Every line of the records below from the line with "have rho0 : 0 <= rho := enorm_ge0 _." up to and including the line with "Lemma not_metric_subregular_normal_point (d" must be reproduced exactly, and no line outside that range.

▬▬▬

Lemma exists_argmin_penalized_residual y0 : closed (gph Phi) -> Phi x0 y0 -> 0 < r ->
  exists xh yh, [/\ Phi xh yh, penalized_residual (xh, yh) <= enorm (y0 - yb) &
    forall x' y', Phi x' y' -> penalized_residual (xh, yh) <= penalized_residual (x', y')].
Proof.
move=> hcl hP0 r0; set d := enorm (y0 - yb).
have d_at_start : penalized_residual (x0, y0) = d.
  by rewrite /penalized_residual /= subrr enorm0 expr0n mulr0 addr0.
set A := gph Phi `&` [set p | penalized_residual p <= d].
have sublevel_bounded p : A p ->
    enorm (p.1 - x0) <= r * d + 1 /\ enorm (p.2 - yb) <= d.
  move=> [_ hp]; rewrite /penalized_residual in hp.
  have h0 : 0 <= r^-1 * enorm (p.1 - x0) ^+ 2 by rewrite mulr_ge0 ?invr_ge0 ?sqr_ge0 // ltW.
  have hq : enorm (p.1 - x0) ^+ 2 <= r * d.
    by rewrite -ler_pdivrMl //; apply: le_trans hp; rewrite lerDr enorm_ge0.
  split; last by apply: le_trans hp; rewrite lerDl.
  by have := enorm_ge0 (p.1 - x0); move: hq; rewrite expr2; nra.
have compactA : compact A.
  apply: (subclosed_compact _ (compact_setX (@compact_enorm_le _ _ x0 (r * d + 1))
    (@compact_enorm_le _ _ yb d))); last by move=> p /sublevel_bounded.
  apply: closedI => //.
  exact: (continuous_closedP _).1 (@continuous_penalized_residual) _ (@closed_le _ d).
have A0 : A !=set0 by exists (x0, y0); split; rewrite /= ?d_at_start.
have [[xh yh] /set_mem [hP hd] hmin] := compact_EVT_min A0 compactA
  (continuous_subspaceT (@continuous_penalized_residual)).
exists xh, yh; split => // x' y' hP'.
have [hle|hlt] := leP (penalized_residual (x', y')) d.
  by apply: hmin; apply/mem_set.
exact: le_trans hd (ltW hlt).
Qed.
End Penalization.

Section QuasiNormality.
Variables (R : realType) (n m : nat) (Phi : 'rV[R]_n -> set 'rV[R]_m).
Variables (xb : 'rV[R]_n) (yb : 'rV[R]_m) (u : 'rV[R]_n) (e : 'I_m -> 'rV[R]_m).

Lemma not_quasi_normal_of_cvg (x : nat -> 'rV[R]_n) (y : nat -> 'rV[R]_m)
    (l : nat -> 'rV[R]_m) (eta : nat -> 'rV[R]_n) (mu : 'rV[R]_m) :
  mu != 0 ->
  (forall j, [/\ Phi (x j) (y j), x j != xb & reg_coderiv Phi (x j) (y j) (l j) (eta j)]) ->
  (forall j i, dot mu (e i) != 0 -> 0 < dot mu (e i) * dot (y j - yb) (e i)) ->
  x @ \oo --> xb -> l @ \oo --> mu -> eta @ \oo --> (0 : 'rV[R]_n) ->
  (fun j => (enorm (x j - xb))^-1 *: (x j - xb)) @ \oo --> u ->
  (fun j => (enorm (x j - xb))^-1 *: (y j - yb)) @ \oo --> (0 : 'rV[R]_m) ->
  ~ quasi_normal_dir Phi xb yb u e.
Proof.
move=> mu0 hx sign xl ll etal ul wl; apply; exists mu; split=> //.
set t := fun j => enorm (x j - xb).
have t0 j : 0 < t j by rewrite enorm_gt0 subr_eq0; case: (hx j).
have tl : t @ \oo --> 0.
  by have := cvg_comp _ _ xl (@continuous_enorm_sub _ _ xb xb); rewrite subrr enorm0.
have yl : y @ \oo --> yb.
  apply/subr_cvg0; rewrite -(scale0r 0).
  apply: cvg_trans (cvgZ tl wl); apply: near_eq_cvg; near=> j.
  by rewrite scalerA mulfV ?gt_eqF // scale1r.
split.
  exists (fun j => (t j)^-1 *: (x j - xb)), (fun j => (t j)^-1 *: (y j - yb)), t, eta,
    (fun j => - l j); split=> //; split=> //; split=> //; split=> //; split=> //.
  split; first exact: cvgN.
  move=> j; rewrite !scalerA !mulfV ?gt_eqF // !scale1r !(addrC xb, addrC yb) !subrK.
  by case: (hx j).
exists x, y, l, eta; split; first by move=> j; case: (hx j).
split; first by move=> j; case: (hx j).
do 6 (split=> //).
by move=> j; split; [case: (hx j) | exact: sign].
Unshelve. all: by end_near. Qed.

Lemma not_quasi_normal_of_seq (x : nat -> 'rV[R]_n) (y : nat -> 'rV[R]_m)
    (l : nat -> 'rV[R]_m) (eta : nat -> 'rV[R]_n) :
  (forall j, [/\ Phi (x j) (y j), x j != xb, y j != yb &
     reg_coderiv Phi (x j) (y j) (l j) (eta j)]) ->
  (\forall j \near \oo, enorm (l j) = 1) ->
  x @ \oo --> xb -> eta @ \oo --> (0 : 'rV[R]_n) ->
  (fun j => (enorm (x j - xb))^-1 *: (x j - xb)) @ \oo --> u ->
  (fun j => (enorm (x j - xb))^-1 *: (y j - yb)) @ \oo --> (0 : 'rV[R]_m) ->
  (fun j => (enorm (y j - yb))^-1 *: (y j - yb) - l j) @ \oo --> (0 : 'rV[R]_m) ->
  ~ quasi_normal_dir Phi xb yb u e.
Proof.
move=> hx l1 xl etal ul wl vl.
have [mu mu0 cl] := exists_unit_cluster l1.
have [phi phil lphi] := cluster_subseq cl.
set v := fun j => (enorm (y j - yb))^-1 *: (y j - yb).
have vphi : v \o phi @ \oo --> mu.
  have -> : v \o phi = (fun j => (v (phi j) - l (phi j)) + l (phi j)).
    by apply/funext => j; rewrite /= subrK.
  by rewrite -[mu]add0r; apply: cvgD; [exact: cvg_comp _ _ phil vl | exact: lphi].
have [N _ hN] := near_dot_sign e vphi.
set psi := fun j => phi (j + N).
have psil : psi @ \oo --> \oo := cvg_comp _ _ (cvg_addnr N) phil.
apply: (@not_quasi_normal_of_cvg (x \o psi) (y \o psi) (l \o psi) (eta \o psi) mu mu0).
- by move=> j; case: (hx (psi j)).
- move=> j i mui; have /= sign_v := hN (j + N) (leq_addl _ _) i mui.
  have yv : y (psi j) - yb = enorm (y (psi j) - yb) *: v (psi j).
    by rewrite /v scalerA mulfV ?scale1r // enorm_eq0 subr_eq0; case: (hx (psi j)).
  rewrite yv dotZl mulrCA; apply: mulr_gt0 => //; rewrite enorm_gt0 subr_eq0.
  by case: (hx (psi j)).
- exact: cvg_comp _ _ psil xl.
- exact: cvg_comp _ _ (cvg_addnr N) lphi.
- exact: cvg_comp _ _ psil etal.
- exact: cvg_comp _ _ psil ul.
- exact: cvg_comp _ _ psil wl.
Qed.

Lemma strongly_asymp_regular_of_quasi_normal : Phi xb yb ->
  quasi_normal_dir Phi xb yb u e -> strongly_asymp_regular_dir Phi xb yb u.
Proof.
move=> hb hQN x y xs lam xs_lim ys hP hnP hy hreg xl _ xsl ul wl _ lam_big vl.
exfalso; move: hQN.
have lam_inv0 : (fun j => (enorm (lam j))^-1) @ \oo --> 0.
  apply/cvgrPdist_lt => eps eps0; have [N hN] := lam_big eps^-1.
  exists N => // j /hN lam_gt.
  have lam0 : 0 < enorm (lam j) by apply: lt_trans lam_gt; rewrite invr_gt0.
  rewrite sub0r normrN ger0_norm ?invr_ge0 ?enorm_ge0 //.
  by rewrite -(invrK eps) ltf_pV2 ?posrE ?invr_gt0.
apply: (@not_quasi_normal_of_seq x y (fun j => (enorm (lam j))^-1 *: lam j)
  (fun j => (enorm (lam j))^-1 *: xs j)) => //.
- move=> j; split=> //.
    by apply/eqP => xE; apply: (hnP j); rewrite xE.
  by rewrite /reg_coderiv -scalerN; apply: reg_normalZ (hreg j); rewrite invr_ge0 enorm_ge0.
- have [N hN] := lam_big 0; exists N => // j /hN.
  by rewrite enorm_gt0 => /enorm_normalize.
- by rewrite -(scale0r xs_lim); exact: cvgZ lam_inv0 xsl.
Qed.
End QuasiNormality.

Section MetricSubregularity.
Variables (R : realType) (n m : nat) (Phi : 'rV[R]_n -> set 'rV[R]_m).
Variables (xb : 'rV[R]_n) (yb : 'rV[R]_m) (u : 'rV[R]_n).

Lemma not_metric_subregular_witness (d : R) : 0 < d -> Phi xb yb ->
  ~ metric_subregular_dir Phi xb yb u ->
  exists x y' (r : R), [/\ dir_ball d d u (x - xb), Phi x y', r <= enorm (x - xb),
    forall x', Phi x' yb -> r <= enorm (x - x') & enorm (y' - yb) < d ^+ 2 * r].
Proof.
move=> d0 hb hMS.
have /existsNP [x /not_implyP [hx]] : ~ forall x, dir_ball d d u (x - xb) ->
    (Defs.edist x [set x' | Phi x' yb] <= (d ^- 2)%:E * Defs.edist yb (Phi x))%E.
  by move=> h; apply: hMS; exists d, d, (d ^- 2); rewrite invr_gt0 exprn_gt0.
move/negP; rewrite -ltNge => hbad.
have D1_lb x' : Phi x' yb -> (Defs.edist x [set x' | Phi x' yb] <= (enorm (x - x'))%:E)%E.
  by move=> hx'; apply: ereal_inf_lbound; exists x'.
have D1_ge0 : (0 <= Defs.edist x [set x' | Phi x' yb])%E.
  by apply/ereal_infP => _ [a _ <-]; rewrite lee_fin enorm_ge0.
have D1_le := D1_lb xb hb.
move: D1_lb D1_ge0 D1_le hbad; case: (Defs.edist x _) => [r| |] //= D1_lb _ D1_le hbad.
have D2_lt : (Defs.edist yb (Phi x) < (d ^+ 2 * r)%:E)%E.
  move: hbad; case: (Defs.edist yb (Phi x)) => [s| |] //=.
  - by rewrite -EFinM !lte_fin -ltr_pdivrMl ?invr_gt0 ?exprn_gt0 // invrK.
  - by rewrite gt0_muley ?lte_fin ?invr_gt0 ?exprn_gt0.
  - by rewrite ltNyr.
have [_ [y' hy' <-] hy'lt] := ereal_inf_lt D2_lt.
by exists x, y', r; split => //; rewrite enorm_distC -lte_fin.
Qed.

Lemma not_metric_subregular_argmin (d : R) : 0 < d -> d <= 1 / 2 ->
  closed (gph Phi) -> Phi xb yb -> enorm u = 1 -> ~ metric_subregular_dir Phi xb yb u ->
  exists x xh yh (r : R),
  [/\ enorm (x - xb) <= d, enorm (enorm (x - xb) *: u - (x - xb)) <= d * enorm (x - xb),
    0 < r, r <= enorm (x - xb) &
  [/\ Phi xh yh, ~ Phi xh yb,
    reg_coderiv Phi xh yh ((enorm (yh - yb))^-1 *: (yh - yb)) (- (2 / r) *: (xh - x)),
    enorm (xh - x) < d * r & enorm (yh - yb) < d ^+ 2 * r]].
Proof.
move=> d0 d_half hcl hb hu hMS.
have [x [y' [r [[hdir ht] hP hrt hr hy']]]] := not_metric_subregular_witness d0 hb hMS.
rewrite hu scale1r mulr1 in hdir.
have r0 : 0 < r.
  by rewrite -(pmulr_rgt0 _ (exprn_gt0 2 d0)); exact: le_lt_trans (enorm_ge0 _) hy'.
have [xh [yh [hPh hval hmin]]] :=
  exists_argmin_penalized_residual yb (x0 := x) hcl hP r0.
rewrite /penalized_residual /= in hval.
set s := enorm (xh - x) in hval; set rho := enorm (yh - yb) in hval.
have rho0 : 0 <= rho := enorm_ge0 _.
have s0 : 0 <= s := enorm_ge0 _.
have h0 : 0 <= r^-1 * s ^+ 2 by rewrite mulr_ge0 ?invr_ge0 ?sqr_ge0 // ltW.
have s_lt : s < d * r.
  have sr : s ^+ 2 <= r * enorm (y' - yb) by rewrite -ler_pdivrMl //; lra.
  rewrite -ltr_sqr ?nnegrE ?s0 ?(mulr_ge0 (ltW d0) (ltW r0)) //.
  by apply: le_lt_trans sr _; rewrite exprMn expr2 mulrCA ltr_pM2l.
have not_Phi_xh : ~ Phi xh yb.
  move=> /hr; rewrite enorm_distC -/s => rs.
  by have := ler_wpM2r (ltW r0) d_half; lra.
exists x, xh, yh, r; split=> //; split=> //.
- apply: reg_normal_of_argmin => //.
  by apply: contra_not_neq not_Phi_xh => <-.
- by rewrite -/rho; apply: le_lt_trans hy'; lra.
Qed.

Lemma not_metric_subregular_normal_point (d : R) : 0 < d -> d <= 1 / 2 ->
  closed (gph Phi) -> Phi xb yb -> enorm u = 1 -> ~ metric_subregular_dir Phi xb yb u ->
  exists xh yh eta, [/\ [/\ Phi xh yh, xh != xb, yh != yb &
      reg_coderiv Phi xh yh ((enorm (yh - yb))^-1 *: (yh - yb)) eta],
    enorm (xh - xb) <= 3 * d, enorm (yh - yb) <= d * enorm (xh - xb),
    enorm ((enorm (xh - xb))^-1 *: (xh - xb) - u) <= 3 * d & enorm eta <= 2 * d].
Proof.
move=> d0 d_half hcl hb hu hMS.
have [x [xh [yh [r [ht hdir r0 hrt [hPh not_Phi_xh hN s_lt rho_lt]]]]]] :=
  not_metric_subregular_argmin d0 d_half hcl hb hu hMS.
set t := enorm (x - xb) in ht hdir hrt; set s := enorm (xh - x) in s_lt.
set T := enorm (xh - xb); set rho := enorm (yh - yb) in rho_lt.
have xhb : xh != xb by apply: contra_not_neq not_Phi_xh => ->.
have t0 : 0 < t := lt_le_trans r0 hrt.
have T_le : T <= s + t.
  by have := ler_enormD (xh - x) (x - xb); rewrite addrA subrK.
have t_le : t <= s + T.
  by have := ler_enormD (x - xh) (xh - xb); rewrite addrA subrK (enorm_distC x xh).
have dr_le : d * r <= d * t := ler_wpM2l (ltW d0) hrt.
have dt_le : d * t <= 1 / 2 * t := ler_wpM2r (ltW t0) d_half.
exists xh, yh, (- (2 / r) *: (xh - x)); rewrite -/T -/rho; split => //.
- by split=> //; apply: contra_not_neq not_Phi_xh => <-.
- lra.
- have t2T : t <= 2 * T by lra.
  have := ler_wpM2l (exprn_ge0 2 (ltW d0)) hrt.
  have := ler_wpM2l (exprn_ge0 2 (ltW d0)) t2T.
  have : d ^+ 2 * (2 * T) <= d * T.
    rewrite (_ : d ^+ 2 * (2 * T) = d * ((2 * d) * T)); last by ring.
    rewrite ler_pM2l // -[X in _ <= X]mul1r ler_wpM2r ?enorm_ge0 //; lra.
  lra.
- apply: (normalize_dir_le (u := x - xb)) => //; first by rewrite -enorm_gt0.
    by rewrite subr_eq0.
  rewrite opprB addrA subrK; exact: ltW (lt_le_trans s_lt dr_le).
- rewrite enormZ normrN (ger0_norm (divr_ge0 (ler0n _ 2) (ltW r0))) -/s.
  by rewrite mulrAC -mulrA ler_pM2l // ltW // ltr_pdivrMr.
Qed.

▬▬▬

▶ _ANSWER SECTION_
have rho0 : 0 <= rho := enorm_ge0 _.
have s0 : 0 <= s := enorm_ge0 _.
have h0 : 0 <= r^-1 * s ^+ 2 by rewrite mulr_ge0 ?invr_ge0 ?sqr_ge0 // ltW.
have s_lt : s < d * r.
  have sr : s ^+ 2 <= r * enorm (y' - yb) by rewrite -ler_pdivrMl //; lra.
  rewrite -ltr_sqr ?nnegrE ?s0 ?(mulr_ge0 (ltW d0) (ltW r0)) //.
  by apply: le_lt_trans sr _; rewrite exprMn expr2 mulrCA ltr_pM2l.
have not_Phi_xh : ~ Phi xh yb.
  move=> /hr; rewrite enorm_distC -/s => rs.
  by have := ler_wpM2r (ltW r0) d_half; lra.
exists x, xh, yh, r; split=> //; split=> //.
- apply: reg_normal_of_argmin => //.
  by apply: contra_not_neq not_Phi_xh => <-.
- by rewrite -/rho; apply: le_lt_trans hy'; lra.
Qed.

Lemma not_metric_subregular_normal_point (d : R) : 0 < d -> d <= 1 / 2 ->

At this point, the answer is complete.